**Task details**
Every line with the word "exists" in it should be extracted from the data that follows.
┌─ Task material
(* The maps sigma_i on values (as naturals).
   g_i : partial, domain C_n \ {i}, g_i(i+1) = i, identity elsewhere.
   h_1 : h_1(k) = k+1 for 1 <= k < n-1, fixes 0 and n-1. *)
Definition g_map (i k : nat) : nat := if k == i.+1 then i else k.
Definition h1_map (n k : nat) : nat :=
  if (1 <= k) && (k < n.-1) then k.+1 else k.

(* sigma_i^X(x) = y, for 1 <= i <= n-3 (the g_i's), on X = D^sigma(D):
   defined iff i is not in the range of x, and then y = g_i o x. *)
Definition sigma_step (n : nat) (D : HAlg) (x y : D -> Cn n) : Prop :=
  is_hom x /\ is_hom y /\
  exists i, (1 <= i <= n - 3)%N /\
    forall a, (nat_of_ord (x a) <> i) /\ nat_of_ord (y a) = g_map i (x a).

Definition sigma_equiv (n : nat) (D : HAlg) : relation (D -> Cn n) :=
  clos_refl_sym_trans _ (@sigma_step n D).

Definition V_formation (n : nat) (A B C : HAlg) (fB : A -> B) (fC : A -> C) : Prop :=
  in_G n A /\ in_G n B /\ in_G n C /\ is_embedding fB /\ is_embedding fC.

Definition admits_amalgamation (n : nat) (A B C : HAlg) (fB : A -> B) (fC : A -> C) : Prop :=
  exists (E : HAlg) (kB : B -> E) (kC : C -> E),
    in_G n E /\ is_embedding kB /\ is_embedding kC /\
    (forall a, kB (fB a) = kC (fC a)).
└─
**Task result**
  exists i, (1 <= i <= n - 3)%N /\
  exists (E : HAlg) (kB : B -> E) (kC : C -> E),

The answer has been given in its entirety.